Treatment of patients with advanced disease (Lugano IV) is not clearly defined [7,28]. As a result from different protocols used in our centers, a bias in our analysis could have occurred. These patients were treated with RT, rituximab or chemotherapy with or without RT. In this group, we report rates of CR of 66% in one year, occurring only in Hp-positive patients. Surgery is typically reserved for patients with complications such as perforation or obstruction [7]; in our series, 2 patients (6%) needed surgery due to perforation and bleeding that could not be controlled by endoscopic techniques. We evaluated several clinical and laboratorial factors that could predict CR in one-year. Although we could not reach a statistic significance, probably due to the limited number of our population, a trend was observed for the variables younger age, low leukocyte count, IPI score < 3 and limited disease. Several authors reported that the major negative predictive factor of complete regression rate was the presence of perigastric lymph nodes on EUS [34]. Neoplasia stage, depth of infiltration in the gastric wall, presence of the API2-MALT1 translocation, and patient ethnicity has been identified as predictors of remission in a recent study [35]. Our study reinforces MALT lymphomas as a notoriously indolent disease. To our knowledge, no previous report evaluated clinical and laboratorial factors for achieving complete remission in a Portuguese population with gastric MALT lymphoma.

Conclusion

Our results confirm the good prognosis and indolence of primary gastric MALT lymphoma, even in cases of advanced disease.

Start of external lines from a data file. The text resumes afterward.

Lemma r_ltn k l : (r k < r l)%N = (k < l)%N.
Proof.
case: (ltngtP k l) => [kl|lk|kl]; first by rewrite r_incr.
  by apply/negbTE; rewrite -leqNgt ltnW ?r_incr.
by rewrite (val_inj kl) !ltnn.
Qed.

Lemma r_inj : injective r.
Proof.
move=> k l e; apply: ord_inj; have := r_ltn k l; have := r_ltn l k.
by rewrite e ltnn; case: ltngtP.
Qed.

Definition diag_entry k c y i := mxn (sig k c y) i i.

Lemma diag_entry_frame k c c' y i : closure (Ysub alpha Y (r k)) y ->
  valid_frame U alpha (r k) c y -> valid_frame U alpha (r k) c' y ->
  (i < r k)%N -> diag_entry k c y i = diag_entry k c' y i.
Proof.
move=> cl valid_c valid_c' i_lt; rewrite /diag_entry !(mxnE _ i_lt i_lt).
rewrite ((sig_sect k).1 c c' y cl valid_c valid_c') divff ?mul1r //.
exact: (trans_factor_neq0 V_bundle valid_c valid_c' (ltnW i_lt)).
Qed.

Lemma closure_Ysub_decomposition k y :
  closure (Ysub alpha Y (r k)) y -> ~ Ysub alpha Y (r k) y ->
  exists t : seq 'I_K, [/\ all (fun u : 'I_K => (u < k)%N) t,
    (\sum_(u <- t) r u)%N = r k &
    forall d s, (s < size t)%N ->
      Ysub alpha Y (r (nth d t s)) (iter (partial_sum r t s) alpha y)].
Proof.
move=> cl not_Ysub; have [Yy Yr] := closure_Ysub_return alpha_cont Y_closed cl.
have [t [sum_t pos_t Yt]] := return_decomposition r_vals Yy Yr.
exists t; split => //; apply/allP => u u_in; rewrite -r_ltn -sum_t.
case: (ltn_sum_mem u_in pos_t) => // t_u; case: not_Ysub.
move: sum_t (Yt u 0%N); rewrite t_u big_seq1 partial_sum0 => <-; exact.
Qed.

Only 59% of the patients were Hp-positive. The most probable explanation is a missed diagnosis caused by a single test used for the diagnosis of Hp infection, its variable distribution in the stomach and the concomitant use of PPIs, which can lead to false-negative results. The factors studied could not predict CR in one-year, but it seems to exist a trend for achieving remission in younger patients, and in those with low leukocyte count, IPI score < 3 and limited disease Patients with early stage Hp-negative MALT lymphoma and those with advanced disease, might still benefit from antibiotic treatment.